**Work item**
Would you count the lines below that contain the string "mulNr" and reply with that number only?

**Materials provided**
Lemma mix_gap_bernstein :
  mix_mean - mix_loss <= eta * mix_var / 2 + eta * (mix_mean - mix_loss) / 3.
Proof.
have g_ge0 := mix_gap_ge0; have v_ge0 := mix_var_ge0.
case: (lerP 3 eta) => [eta_ge3|eta_lt3].
  have : 0 <= eta * mix_var / 2 by rewrite divr_ge0 // mulr_ge0 // ltW.
  nra.
set g := mix_mean - mix_loss in g_ge0 *.
set c := 3 / (2 * (3 - eta)).
have c_eta : c * (3 - eta) = 3/2.
  by rewrite /c; field; rewrite subr_eq0; apply/eqP => e3; move: eta_lt3; rewrite e3 ltxx.
have x_ge0 : 0 <= c * eta ^+ 2 * mix_var.
  by rewrite mulr_ge0 // mulr_ge0 ?sqr_ge0 // divr_ge0 // mulr_ge0 // subr_ge0 ltW.
have term i : p i * expR (eta * (mix_mean - l i)) <=
    p i * (1 + eta * (mix_mean - l i) + eta * (mix_mean - l i) * (eta * (mix_mean - l i)) * c).
  apply: ler_wpM2l => //; apply: expR_bernstein; first by rewrite eta_gt0.
  rewrite -[leRHS]mulr1 ler_pM2l // lerBlDr (le_trans mix_mean_le1) // lerDl.
  by case/andP: (l01 i).
have mgf : \sum_i p i * expR (eta * (mix_mean - l i)) <= 1 + c * eta ^+ 2 * mix_var.
  apply: le_trans (ler_sum _ (fun i _ => term i)) _.
  rewrite (eq_bigr (fun i => p i + eta * (p i * (mix_mean - l i))
                             + c * eta ^+ 2 * (p i * (mix_mean - l i) ^+ 2)));
    last by move=> i _; rewrite /c; ring.
  by rewrite !big_split /= -!mulr_sumr p_sum1 mix_centered mulr0 addr0.
have g_le : g <= c * eta * mix_var.
  rewrite -(ler_pM2l eta_gt0) /g mix_gap_scaled.
  have -> : eta * (c * eta * mix_var) = c * eta ^+ 2 * mix_var by ring.
  apply: le_trans (le_ln1Dx _); last lra.
  by rewrite ler_ln ?posrE ?mix_sum_gt0 //; lra.
have eta_le3 : 0 <= 3 - eta by lra.
have := ler_wpM2r eta_le3 g_le.
have -> : c * eta * mix_var * (3 - eta) = 3/2 * eta * mix_var by rewrite -c_eta; ring.
lra.
Qed.

End MixLoss.

Section Potential.
Variables (R : realType) (d : nat).

Definition potential (eta : R) (L : 'I_d -> R) : R :=
  - eta^-1 * ln (\sum_j expR (- eta * L j)).

Lemma sum_expR_gt0 (x : 'I_d -> R) : (0 < d)%N -> 0 < \sum_j expR (x j).
Proof.
move=> d_gt0; rewrite (bigD1 (Ordinal d_gt0)) //=.
by apply: ltr_pwDl; [exact: expR_gt0 | apply: sumr_ge0 => j _; exact: expR_ge0].
Qed.

Lemma potential_le (eta : R) (L : 'I_d -> R) (i : 'I_d) : 0 < eta -> potential eta L <= L i.
Proof.
move=> eta_gt0; have d_gt0 : (0 < d)%N := leq_ltn_trans (leq0n _) (ltn_ord i).
rewrite /potential mulNr lerNl -(ler_pM2l eta_gt0) mulrA mulfV ?gt_eqF // mul1r.
rewrite mulrN -mulNr -[leLHS]expRK ler_ln ?posrE ?expR_gt0 ?sum_expR_gt0 //.
by rewrite (bigD1 i) //= lerDl; apply: sumr_ge0 => j _; exact: expR_ge0.
Qed.

Lemma potential_ge (eta c : R) (L : 'I_d -> R) : (0 < d)%N -> 0 < eta ->
  (forall j, c <= L j) -> c - eta^-1 * ln d%:R <= potential eta L.
Proof.
move=> d_gt0 eta_gt0 c_le.
have sum_le : \sum_j expR (- eta * L j) <= d%:R * expR (- eta * c).
  have : \sum_j expR (- eta * L j) <= \sum_(j < d) expR (- eta * c).
    by apply: ler_sum => j _; rewrite ler_expR !mulNr lerN2 ler_pM2l.
  by rewrite sumr_const card_ord mulr_natl.
have lnS_le : ln (\sum_j expR (- eta * L j)) <= ln d%:R - eta * c.
  have -> : ln d%:R - eta * c = ln (d%:R * expR (- eta * c)).
    by rewrite lnM ?posrE ?expR_gt0 ?ltr0n // expRK mulNr.
  by rewrite ler_ln ?posrE ?sum_expR_gt0 ?mulr_gt0 ?expR_gt0 ?ltr0n.
have ei_gt0 : 0 < eta^-1 by rewrite invr_gt0.
have ei : eta^-1 * (eta * c) = c by rewrite mulrA mulVf ?mul1r // gt_eqF.
have := ler_wpM2l (ltW ei_gt0) lnS_le; rewrite /potential; lra.
Qed.

Lemma sum_expR_scale (r : R) (z : 'I_d -> R) : (0 < d)%N -> 0 <= r -> r <= 1 ->
  \sum_j expR (r * z j) <= d%:R * expR (r * (ln (\sum_j expR (z j)) - ln d%:R)).
Proof.
move=> d_gt0 r_ge0 r_le1.
set W := \sum_j expR (z j); set M := ln W - ln d%:R.
have W_gt0 : 0 < W := sum_expR_gt0 z d_gt0.
have dR_gt0 : 0 < d%:R :> R by rewrite ltr0n.
have term j : expR (r * z j) <= expR (r * M) * (1 - r + r * (expR (z j) * d%:R / W)).
  have -> : expR (r * z j) = expR (r * M) * expR (r * (z j - M)).
    by rewrite -expRD; congr expR; ring.
  rewrite ler_pM2l ?expR_gt0 //.
  have -> : expR (z j) * d%:R / W = expR (z j - M).
    by rewrite expRB /M expRB !lnK ?posrE //; field; rewrite ?gt_eqF.
  exact: expR_conv.
apply: le_trans (ler_sum _ (fun j _ => term j)) _; rewrite -mulr_sumr.
have -> : \sum_j (1 - r + r * (expR (z j) * d%:R / W)) = d%:R.
  rewrite (eq_bigr (fun j => (1 - r) + (r * d%:R / W) * expR (z j))); last first.
    by move=> j _; field; rewrite gt_eqF.
  rewrite big_split /= -mulr_sumr -/W sumr_const card_ord -mulr_natr.
  by field; rewrite gt_eqF.
by rewrite mulrC.
Qed.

**Response**
4